> [WHAT IS REQUIRED]: From the line containing "exists d, 0" down to the final line of the entries below, restate each line word for word and add nothing.

Dataset entries

:::

(* Let $K,M$ be symmetric homogeneous stable means and $N$ a symmetric homogeneous mean, all three having symmetric asymptotic expansions with coefficients $(a^K_n),(a^M_n),(a^N_n)$. If $N$ is simultaneously $(K,M)$-stabilizable and $(M,K)$-stabilizable, then $a^K_n=a^M_n$ for all $n\in\mathbb N_0$ and $a^N_1=a^M_1=a^K_1$; moreover $a^N_2=\frac16a^N_1(1+a^N_1)(1-4a^N_1)$.
   Context: A bi-variate mean is $M:(0,\infty)^2\to(0,\infty)$ with $\min\le M\le\max$; symmetric and homogeneous (degree 1). $M$ is stable if $M(s,t)=M\big(M(s,M(s,t)),M(M(s,t),t)\big)$. For stable means $K,M$, $N$ is $(K,M)$-stabilizable if $N(s,t)=K\big(N(s,M(s,t)),N(M(s,t),t)\big)$ for all $s,t>0$. A mean has a symmetric asymptotic expansion with coefficients $(a_n)$ if for every fixed real $t$ and $N\ge0$, $M(x-t,x+t)=\sum_{n=0}^Na_nt^{2n}x^{-2n+1}+o(x^{-2N+1})$ as $x\to\infty$. *)

From Stdlib Require Import Reals Lra.
Open Scope R_scope.

(* A bivariate mean on (0,oo)^2; values outside (0,oo)^2 are irrelevant. *)
Definition is_mean (M : R -> R -> R) : Prop :=
  forall s t, 0 < s -> 0 < t -> Rmin s t <= M s t /\ M s t <= Rmax s t.

Definition symmetric (M : R -> R -> R) : Prop :=
  forall s t, 0 < s -> 0 < t -> M s t = M t s.

Definition homogeneous (M : R -> R -> R) : Prop :=
  forall l s t, 0 < l -> 0 < s -> 0 < t -> M (l * s) (l * t) = l * M s t.

Definition stable (M : R -> R -> R) : Prop :=
  forall s t, 0 < s -> 0 < t -> M s t = M (M s (M s t)) (M (M s t) t).

Definition stabilizable (K M N : R -> R -> R) : Prop :=
  forall s t, 0 < s -> 0 < t -> N s t = K (N s (M s t)) (N (M s t) t).

(* M(x-t,x+t) = sum_{n=0}^{N} a_n t^{2n} x^{-2n+1} + o(x^{-2N+1}) as x -> oo,
   for every fixed real t and every N; here x^{-2n+1} = x / x^(2n). *)
Definition has_sym_asymp_exp (M : R -> R -> R) (a : nat -> R) : Prop :=
  forall (t : R) (N : nat) (eps : R), 0 < eps ->
    exists X : R, forall x : R, X < x -> Rabs t < x ->
      Rabs (M (x - t) (x + t)
            - sum_f_R0 (fun n => a n * t ^ (2 * n) * (x / x ^ (2 * n))) N)
      <= eps * (x / x ^ (2 * N)).

From Stdlib Require Import Reals Lra Lia List Arith.
Open Scope R_scope.
Import ListNotations.

(* By homogeneity a mean [P] is determined by its profile [F v = P (1 - v) (1 + v)] through
   [P s t = (s + t)/2 * F ((t - s)/(s + t))], and the expansion of [P (x - t) (x + t)] at infinity
   becomes a local expansion [F v = sum a_n v^(2n) + o(v^(2N))] at [0]. Stabilizability is then a
   functional equation between profiles near [0].  If the coefficients of [K] and [M] agree below
   [n >= 1], expanding the two equations to order [2n] and subtracting gives
   [(aK n - aM n) (2^(-2n) - 1/2) = 0].  Expanding one equation to order 4 gives
   [3 aN 1 = 2 aM 1 + aK 1] and a linear relation for [aN 2]; the same relation for the
   stability equation of [M] determines [aM 2], hence [aN 2]. *)

(** * Landau symbols at [0+] *)

Definition near0 (P : R -> Prop) : Prop :=
  exists d, 0 < d /\ forall u, 0 < u < d -> P u.

Definition is_o (k : nat) (f : R -> R) : Prop :=
  forall eps, 0 < eps -> near0 (fun u => Rabs (f u) <= eps * u ^ k).

Definition is_O (k : nat) (f : R -> R) : Prop :=
  exists C, 0 <= C /\ near0 (fun u => Rabs (f u) <= C * u ^ k).

Lemma near0_and (P Q : R -> Prop) : near0 P -> near0 Q -> near0 (fun u => P u /\ Q u).
Proof.
  intros [d1 [Hd1 HP]] [d2 [Hd2 HQ]]. exists (Rmin d1 d2). split.
  - apply Rmin_glb_lt; assumption.
  - intros u Hu. pose proof (Rmin_l d1 d2). pose proof (Rmin_r d1 d2).
    split; [apply HP | apply HQ]; lra.
Qed.

Lemma near0_impl (P Q : R -> Prop) : near0 P -> (forall u, 0 < u -> P u -> Q u) -> near0 Q.
Proof.
  intros [d [Hd HP]] HPQ. exists d. split; [assumption|].
  intros u Hu. apply HPQ; [lra | auto].
Qed.

Lemma near0_lt d : 0 < d -> near0 (fun u => u < d).
Proof. intros Hd. exists d. split; [assumption | intros; lra]. Qed.

Lemma near0_of_interval01 (P : R -> Prop) : (forall u, 0 < u < 1 -> P u) -> near0 P.
Proof. intros HP. exists 1. split; [lra | assumption]. Qed.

:::

> [TASK OUTPUT]:
  exists d, 0 < d /\ forall u, 0 < u < d -> P u.

Definition is_o (k : nat) (f : R -> R) : Prop :=
  forall eps, 0 < eps -> near0 (fun u => Rabs (f u) <= eps * u ^ k).

Definition is_O (k : nat) (f : R -> R) : Prop :=
  exists C, 0 <= C /\ near0 (fun u => Rabs (f u) <= C * u ^ k).

Lemma near0_and (P Q : R -> Prop) : near0 P -> near0 Q -> near0 (fun u => P u /\ Q u).
Proof.
  intros [d1 [Hd1 HP]] [d2 [Hd2 HQ]]. exists (Rmin d1 d2). split.
  - apply Rmin_glb_lt; assumption.
  - intros u Hu. pose proof (Rmin_l d1 d2). pose proof (Rmin_r d1 d2).
    split; [apply HP | apply HQ]; lra.
Qed.

Lemma near0_impl (P Q : R -> Prop) : near0 P -> (forall u, 0 < u -> P u -> Q u) -> near0 Q.
Proof.
  intros [d [Hd HP]] HPQ. exists d. split; [assumption|].
  intros u Hu. apply HPQ; [lra | auto].
Qed.

Lemma near0_lt d : 0 < d -> near0 (fun u => u < d).
Proof. intros Hd. exists d. split; [assumption | intros; lra]. Qed.

Lemma near0_of_interval01 (P : R -> Prop) : (forall u, 0 < u < 1 -> P u) -> near0 P.
Proof. intros HP. exists 1. split; [lra | assumption]. Qed.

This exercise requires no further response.